Year 11 history student Pippa Matheson decided to join the group of senior students last year.
Mum Kim Matheson said the 15-year-old spent her summer holiday working to raise money for what would be a $10,000 trip all up.
Matheson said she was disappointed so little of the deposit would be refunded, and that it would be staggered over six months.
"The girls are devastated and some families have been hit very hard.
"Many students and their families have been left significantly out of pocket and many students had fundraised themselves."
In a letter to the school on April 12 seen by the Weekend Herald, Student Horizons owner Jamie Wansey said they had already made payments to the airline, accommodation, excursion and transport providers.
"We also pay our Student Horizons staff for the work that has gone into the tour up until the point of cancellation."
Wansey said the 15 per cent refund was in line with 12 other schools the company was working with who had June and July departures.
He said Student Horizons was not contractually obligated to refund any money but felt "morally and ethically" it was.
He added that group travel booking terms and conditions usually came with more onerous cancellation fees.
The school had three options:
• A 20 per cent credit for the school to use later, but booking was required in the next few months.
• Postponement, but re-booking would cost up to 15 per cent extra.
• Or cancellation with a 15 per cent refund.
In a letter to parents on Tuesday, principal Lorraine Pound said the credit and postponement were not considered viable options by the school.
"I know that it is disappointing that the refund offered by SH is only 15 per cent," Pound wrote.
But she said with travel agencies across the sector facing closure the school needed to move with urgency to claim the offer with a view to securing more from Student Horizons later.
The school did not respond to several attempts by the Weekend Herald for comment.
In a letter Wansey wrote on Thursday, which he supplied to the Weekend Herald, he said Student Horizons had a team exclusively focused on recovering funds from suppliers for client tours.
He said the business, which organises up to 80 school trips a year, had reached a point where it could no longer ease its non-refundable terms as had been done for the April and July tours.
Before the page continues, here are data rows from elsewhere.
(* Let $G$ be a finite two-player zero-sum extensive form game with perfect recall (players $1,2$, possibly with chance). Let $t\ge 1$ and let $\boldsymbol{\sigma}^0=(\sigma^0_1,\sigma^0_2),\dots,\boldsymbol{\sigma}^t=(\sigma^t_1,\sigma^t_2)$ be any sequence of strategy profiles. Define the alternating-update average regrets $$r^t_1:=\max_{\sigma^*_1}\frac{1}{t}\sum_{i=0}^{t-1}\Bigl(u_1^{(\sigma^*_1,\sigma^i_2)}-u_1^{(\sigma^i_1,\sigma^i_2)}\Bigr),\qquad r^t_2:=\max_{\sigma^*_2}\frac{1}{t}\sum_{i=0}^{t-1}\Bigl(u_2^{(\sigma^{i+1}_1,\sigma^*_2)}-u_2^{(\sigma^{i+1}_1,\sigma^i_2)}\Bigr).$$ If $r^t_1\le\epsilon_1$ and $r^t_2\le\epsilon_2$, then $$\mathrm{expl}\bigl(\bar{\sigma}^{[1,t]}_1,\bar{\sigma}^{[0,t-1]}_2\bigr)\le \epsilon_1+\epsilon_2-\frac{1}{t}\sum_{i=0}^{t-1}\Bigl(u_1^{(\sigma^{i+1}_1,\sigma^i_2)}-u_1^{(\sigma^i_1,\sigma^i_2)}\Bigr).$$
   Context: A strategy $\sigma_p$ of player $p$ assigns to each information set $I$ of player $p$ a probability distribution over the legal actions $A(I)$. $u_p^{\boldsymbol{\sigma}}$ denotes the expected utility of player $p$ under profile $\boldsymbol{\sigma}$ (chance acting according to its fixed probabilities); zero-sum means $u_1(z)+u_2(z)=0$ at every terminal history $z$. The maxima range over all strategies of the respective player. For strategies $\sigma^a_p,\dots,\sigma^b_p$, the average strategy $\bar{\sigma}^{[a,b]}_p$ is the strategy of player $p$ whose reach (realization) probabilities $\pi_p$ of every history are the uniform average of those of $\sigma^a_p,\dots,\sigma^b_p$ (equivalently, the uniform mixture of these strategies), so that $u^{(\bar\sigma^{[a,b]}_p,\sigma_{-p})}_q=\frac{1}{b-a+1}\sum_{i=a}^b u^{(\sigma^i_p,\sigma_{-p})}_q$ for any opponent strategy. The exploitability of a profile is $\mathrm{expl}(\sigma_1,\sigma_2):=\max_{\sigma^*_1}u_1^{(\sigma^*_1,\sigma_2)}-u_1^{(\sigma_1,\sigma_2)}+\max_{\sigma^*_2}u_2^{(\sigma_1,\sigma^*_2)}-u_2^{(\sigma_1,\sigma_2)}$, which by zero-sum equals $\max_{\sigma^*_1}u_1^{(\sigma^*_1,\sigma_2)}+\max_{\sigma^*_2}u_2^{(\sigma_1,\sigma^*_2)}$. *)

From HB Require Import structures.
From mathcomp Require Import all_boot all_order all_algebra.
From Stdlib Require List.
Set Implicit Arguments. Unset Strict Implicit. Unset Printing Implicit Defensive.
Import Order.TTheory GRing.Theory Num.Theory.
Local Open Scope ring_scope.

Inductive player := P1 | P2.

(* A finite game tree.  [Leaf u]: terminal history with utility [u] for
   player 1 (player 2 gets [-u]: zero-sum).  [Chance cs]: chance node, child
   [c] reached with probability [p] for each [(p, c)] in [cs].
   [Dec J cs]: decision node in information set [J]; action [a] leads to the
   [a]-th element of [cs]. *)
Inductive tree (R Inf : Type) :=
| Leaf of R
| Chance of seq (R * tree R Inf)
| Dec of Inf & seq (tree R Inf).
Arguments Leaf {R Inf}.
Arguments Chance {R Inf}.
Arguments Dec {R Inf}.

Record efg (R : Type) := EFG {
  Inf : Type;
  owner : Inf -> player;
  nact : Inf -> nat;          (* number of legal actions A(J) = {0..nact J - 1} *)
  root : tree R Inf }.

(* A step along a history: a chance outcome (with its probability) or
   action [a] taken at information set [J]. *)
Inductive step (R Inf : Type) := CStep of R | AStep of Inf & nat.
Arguments CStep {R Inf}.
Arguments AStep {R Inf}.

Section Game.
Variables (R : realFieldType) (Inf : Type).

Fixpoint hists (t : tree R Inf) : seq (seq (step R Inf)) :=
  [::] :: match t with
  | Leaf _ => [::]
  | Chance cs =>
      (fix go (cs : seq (R * tree R Inf)) := match cs with
        | [::] => [::]
        | (p, c) :: cs' => map (cons (CStep p)) (hists c) ++ go cs' end) cs
  | Dec J cs =>
      (fix go (n : nat) (cs : seq (tree R Inf)) := match cs with
        | [::] => [::]
        | c :: cs' => map (cons (AStep J n)) (hists c) ++ go n.+1 cs' end) 0%N cs
  end.

Fixpoint terms (t : tree R Inf) : seq (seq (step R Inf) * R) :=
  match t with
  | Leaf u => [:: ([::], u)]
  | Chance cs =>
      (fix go (cs : seq (R * tree R Inf)) := match cs with
        | [::] => [::]
        | (p, c) :: cs' =>
            map (fun z => (CStep p :: z.1, z.2)) (terms c) ++ go cs' end) cs
  | Dec J cs =>
      (fix go (n : nat) (cs : seq (tree R Inf)) := match cs with
        | [::] => [::]
        | c :: cs' =>
            map (fun z => (AStep J n :: z.1, z.2)) (terms c) ++ go n.+1 cs' end) 0%N cs
  end.

Fixpoint decs (t : tree R Inf) : seq (Inf * seq (step R Inf)) :=
  match t with
  | Leaf _ => [::]
  | Chance cs =>
      (fix go (cs : seq (R * tree R Inf)) := match cs with
        | [::] => [::]
        | (p, c) :: cs' =>
            map (fun d => (d.1, CStep p :: d.2)) (decs c) ++ go cs' end) cs
  | Dec J cs =>
      (J, [::]) ::
      (fix go (n : nat) (cs : seq (tree R Inf)) := match cs with
        | [::] => [::]
        | c :: cs' =>
            map (fun d => (d.1, AStep J n :: d.2)) (decs c) ++ go n.+1 cs' end) 0%N cs
  end.

Variables (owner : Inf -> player) (nact : Inf -> nat).

Definition is_owner (p : player) (J : Inf) : bool :=
  match p, owner J with P1, P1 | P2, P2 => true | _, _ => false end.

Fixpoint wf_tree (t : tree R Inf) : Prop :=
  match t with
  | Leaf _ => True
  | Chance cs =>
      cs <> [::] /\ (forall pc, List.In pc cs -> 0 <= pc.1) /\
      \sum_(pc <- cs) pc.1 = 1 /\
      (fix go (cs : seq (R * tree R Inf)) := match cs with
        | [::] => True | (_, c) :: cs' => wf_tree c /\ go cs' end) cs
  | Dec J cs =>
      (0 < nact J)%N /\ size cs = nact J /\
      (fix go (cs : seq (tree R Inf)) := match cs with
        | [::] => True | c :: cs' => wf_tree c /\ go cs' end) cs
  end.

Definition own_seq (p : player) (h : seq (step R Inf)) : seq (Inf * nat) :=
  foldr (fun s acc => match s with
    | AStep J a => if is_owner p J then (J, a) :: acc else acc
    | CStep _ => acc end) [::] h.

Definition perfect_recall_tree (t : tree R Inf) : Prop :=
  forall J h h', List.In (J, h) (decs t) -> List.In (J, h') (decs t) ->
    own_seq (owner J) h = own_seq (owner J) h'.

(* behavioural strategies: sigma J a = probability of action a at J *)
Definition strat := Inf -> nat -> R.

Definition is_strategy (p : player) (s : strat) : Prop :=
  forall J, owner J = p ->
    (forall a, (a < nact J)%N -> 0 <= s J a) /\ \sum_(a < nact J) s J a = 1.

Definition reach (p : player) (s : strat) (h : seq (step R Inf)) : R :=
  \prod_(st <- h) match st with
    | AStep J a => if is_owner p J then s J a else 1
    | CStep _ => 1 end.

Definition creach (h : seq (step R Inf)) : R :=
  \prod_(st <- h) match st with CStep q => q | AStep _ _ => 1 end.

Definition util1 (t : tree R Inf) (s1 s2 : strat) : R :=
  \sum_(z <- terms t) creach z.1 * reach P1 s1 z.1 * reach P2 s2 z.1 * z.2.
Definition util2 (t : tree R Inf) (s1 s2 : strat) : R :=
  \sum_(z <- terms t) creach z.1 * reach P1 s1 z.1 * reach P2 s2 z.1 * (- z.2).

End Game.
Unset Implicit Arguments.

Definition wf_game {R : realFieldType} (g : efg R) :=
  wf_tree (@nact R g) (root g).
Definition perfect_recall {R : realFieldType} (g : efg R) :=
  perfect_recall_tree (@owner R g) (root g).
Definition Strat {R : realFieldType} (g : efg R) := strat R (Inf g).
Definition is_strat {R : realFieldType} (g : efg R) (p : player) (s : Strat g) :=
  is_strategy (@owner R g) (@nact R g) p s.
Definition u1 {R : realFieldType} (g : efg R) (s1 s2 : Strat g) :=
  util1 (@owner R g) (root g) s1 s2.
Definition u2 {R : realFieldType} (g : efg R) (s1 s2 : Strat g) :=
  util2 (@owner R g) (root g) s1 s2.

Definition is_avg_strat {R : realFieldType} (g : efg R) (p : player)
    (ss : nat -> Strat g) (a b : nat) (sbar : Strat g) : Prop :=
  is_strat g p sbar /\
  forall h, List.In h (hists (root g)) ->
    reach (@owner R g) p sbar h =
      (b - a + 1)%:R^-1 * \sum_(a <= i < b.+1) reach (@owner R g) p (ss i) h.

(* exploitability, written as in the paper (max of a sum = sum of maxes) *)
Definition expl_le {R : realFieldType} (g : efg R) (s1 s2 : Strat g) (c : R) : Prop :=
  forall x1 x2 : Strat g, is_strat g P1 x1 -> is_strat g P2 x2 ->
    (u1 g x1 s2 - u1 g s1 s2) + (u2 g s1 x2 - u2 g s1 s2) <= c.

From HB Require Import structures.
From mathcomp Require Import all_boot all_order all_algebra.
From mathcomp Require Import ring lra.
Import Order.TTheory GRing.Theory Num.Theory.
Local Open Scope ring_scope.

(* Expected utility is linear in the reach probabilities of each player at the
   terminal histories, so playing against an average strategy yields the
   average of the utilities against its constituents.  In the exploitability
   of (sb1, sb2) the terms u1(sb1, sb2) and u2(sb1, sb2) cancel by zero-sum,
   leaving u1(x1, sb2) + u2(sb1, x2), i.e. the average over the iterations of
   u1(x1, s2_i) + u2(s1_(i+1), x2).  Subtracting the average of
   u1(s1_i, s2_i) and of u2(s1_(i+1), s2_i) = - u1(s1_(i+1), s2_i) exhibits
   the two regrets plus the alternation gain, which gives the bound. *)

Lemma eq_big_In (T I : Type) (idx : T) (op : T -> T -> T) (r : seq I)
    (F G : I -> T) :
  (forall i, List.In i r -> F i = G i) ->
  \big[op/idx]_(i <- r) F i = \big[op/idx]_(i <- r) G i.
Proof.
elim: r => [|i r IHr] eqFG; first by rewrite !big_nil.
rewrite !big_cons eqFG /=; last by left.
by rewrite IHr // => j rj; apply: eqFG; right.
Qed.

Section Utility.
Variables (R : realFieldType) (Inf : Type) (owner : Inf -> player).

Lemma In_terms_hists (t : tree R Inf) z :
  List.In z (terms t) -> List.In z.1 (hists t).
Proof.
move: t z; fix IH 1; case=> [u|cs|J cs] z /=.
- by case=> [<-|[]]; left.
- move=> zcs; right; move: cs z zcs; fix go 1; case=> [|[p c] cs] z //=.
  rewrite !List.in_app_iff !List.in_map_iff.
  case=> [[z' [<- z'c]]|zcs]; last by right; apply: go.
  by left; exists z'.1; split=> //; apply: IH.
- move=> zcs; right; move: 0%N cs z zcs; fix go 2 => n; case=> [|c cs] z //=.
  rewrite !List.in_app_iff !List.in_map_iff.
  case=> [[z' [<- z'c]]|zcs]; last by right; apply: go.
  by left; exists z'.1; split=> //; apply: IH.
Qed.

Lemma util2E (t : tree R Inf) s1 s2 : util2 owner t s1 s2 = - util1 owner t s1 s2.
Proof. by rewrite /util2 /util1 -sumrN; apply: eq_bigr => z _; ring. Qed.

Lemma util1_mix2 (t : tree R Inf) x (ss : nat -> strat R Inf) sb c r :
  (forall h, List.In h (hists t) ->
     reach owner P2 sb h = c * \sum_(i <- r) reach owner P2 (ss i) h) ->
  util1 owner t x sb = c * \sum_(i <- r) util1 owner t x (ss i).
Proof.
move=> reach_sb; rewrite /util1 exchange_big mulr_sumr /=.
apply: eq_big_In => z /In_terms_hists /reach_sb ->.
by rewrite !mulr_sumr !mulr_suml; apply: eq_bigr => i _; ring.
Qed.

Lemma util2_mix1 (t : tree R Inf) x (ss : nat -> strat R Inf) sb c r :
  (forall h, List.In h (hists t) ->
     reach owner P1 sb h = c * \sum_(i <- r) reach owner P1 (ss i) h) ->
  util2 owner t sb x = c * \sum_(i <- r) util2 owner t (ss i) x.
Proof.
move=> reach_sb; rewrite /util2 exchange_big mulr_sumr /=.
apply: eq_big_In => z /In_terms_hists /reach_sb ->.
by rewrite !mulr_sumr !mulr_suml; apply: eq_bigr => i _; ring.
Qed.

End Utility.

Section Game.
Context {R : realFieldType} {g : efg R}.

Lemma u2E (s1 s2 : Strat g) : u2 g s1 s2 = - u1 g s1 s2.
Proof. exact: util2E. Qed.

Lemma expl_leE (s1 s2 : Strat g) c :
  expl_le g s1 s2 c <->
  (forall x1 x2 : Strat g, is_strat g P1 x1 -> is_strat g P2 x2 ->
     u1 g x1 s2 + u2 g s1 x2 <= c).
Proof.
by split=> le_c x1 x2 x1P x2P; have := le_c _ _ x1P x2P; rewrite !u2E; lra.
Qed.

Lemma u1_avg_strat2 x {ss : nat -> Strat g} {a b sb} :
  is_avg_strat g P2 ss a b sb ->
  u1 g x sb = (b - a + 1)%:R^-1 * \sum_(a <= i < b.+1) u1 g x (ss i).
Proof. by case=> _; apply: util1_mix2. Qed.

Lemma u2_avg_strat1 x {ss : nat -> Strat g} {a b sb} :
  is_avg_strat g P1 ss a b sb ->
  u2 g sb x = (b - a + 1)%:R^-1 * \sum_(a <= i < b.+1) u2 g (ss i) x.
Proof. by case=> _; apply: util2_mix1. Qed.

End Game.

Theorem theorem1 (R : realFieldType) (g : efg R)
  (Hwf : wf_game g) (Hpr : perfect_recall g)
  (t : nat) (ht : (1 <= t)%N)
  (s1 s2 : nat -> Strat g)
  (Hs1 : forall i, (i <= t)%N -> is_strat g P1 (s1 i))
  (Hs2 : forall i, (i <= t)%N -> is_strat g P2 (s2 i))
  (e1 e2 : R)
  (Hr1 : forall x1 : Strat g, is_strat g P1 x1 ->
     t%:R^-1 * \sum_(i < t) (u1 g x1 (s2 i) - u1 g (s1 i) (s2 i)) <= e1)
  (Hr2 : forall x2 : Strat g, is_strat g P2 x2 ->
     t%:R^-1 * \sum_(i < t) (u2 g (s1 i.+1) x2 - u2 g (s1 i.+1) (s2 i)) <= e2)
  (sb1 sb2 : Strat g)
  (Hb1 : is_avg_strat g P1 s1 1 t sb1)
  (Hb2 : is_avg_strat g P2 s2 0 t.-1 sb2) :
  expl_le g sb1 sb2
    (e1 + e2 - t%:R^-1 * \sum_(i < t) (u1 g (s1 i.+1) (s2 i) - u1 g (s1 i) (s2 i))).
Proof.
apply/expl_leE => x1 x2 x1P x2P.
have avg2 : u1 g x1 sb2 = t%:R^-1 * \sum_(i < t) u1 g x1 (s2 i).
  by rewrite (u1_avg_strat2 x1 Hb2) subn0 addn1 prednK // big_mkord.
have avg1 : u2 g sb1 x2 = t%:R^-1 * \sum_(i < t) u2 g (s1 i.+1) x2.
  by rewrite (u2_avg_strat1 x2 Hb1) subnK // big_add1 big_mkord.
have zero_sum : \sum_(i < t) u2 g (s1 i.+1) (s2 i) =
                - \sum_(i < t) u1 g (s1 i.+1) (s2 i).
  by rewrite -sumrN; apply: eq_bigr => i _; rewrite u2E.
have := Hr1 _ x1P; have := Hr2 _ x2P.
rewrite avg1 avg2 !big_split /= !sumrN zero_sum.
lra.
Qed.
Student Horizons was now in "semi-hibernation" as the business tried to survive the "catastrophic" impact of Covid-19 on the travel and tourism sector.
He told the Weekend Herald in a statement: "We have longstanding robust partnerships with schools across New Zealand and we are working in consultation with each school to arrive at the best possible outcome in what are very difficult and challenging circumstances for everyone involved".
Student Horizons used the wage subsidy in New Zealand for six employees, receiving $42,177.
A Commerce Commission spokeswoman said it received a complaint about Student Horizons on Friday, which was being assessed.
She said the Commission had received 353 complaints about travel cancellations and refunds relating to Covid-19.
Under the commission's Covid-19 disrupted travel, events and trade guidance, when a contract is frustrated, the Contract and Commercial Law Act 2017 applies.
The CCL Act says the consumer is entitled to a refund, but the business may
retain its reasonable expenses and overheads incurred in relation to the contract.
Consumer NZ chief executive Jon Duffy agreed travel agents should retain part of the deposit to cover costs.
However, he recommended the agent be asked to justify the amount being retained.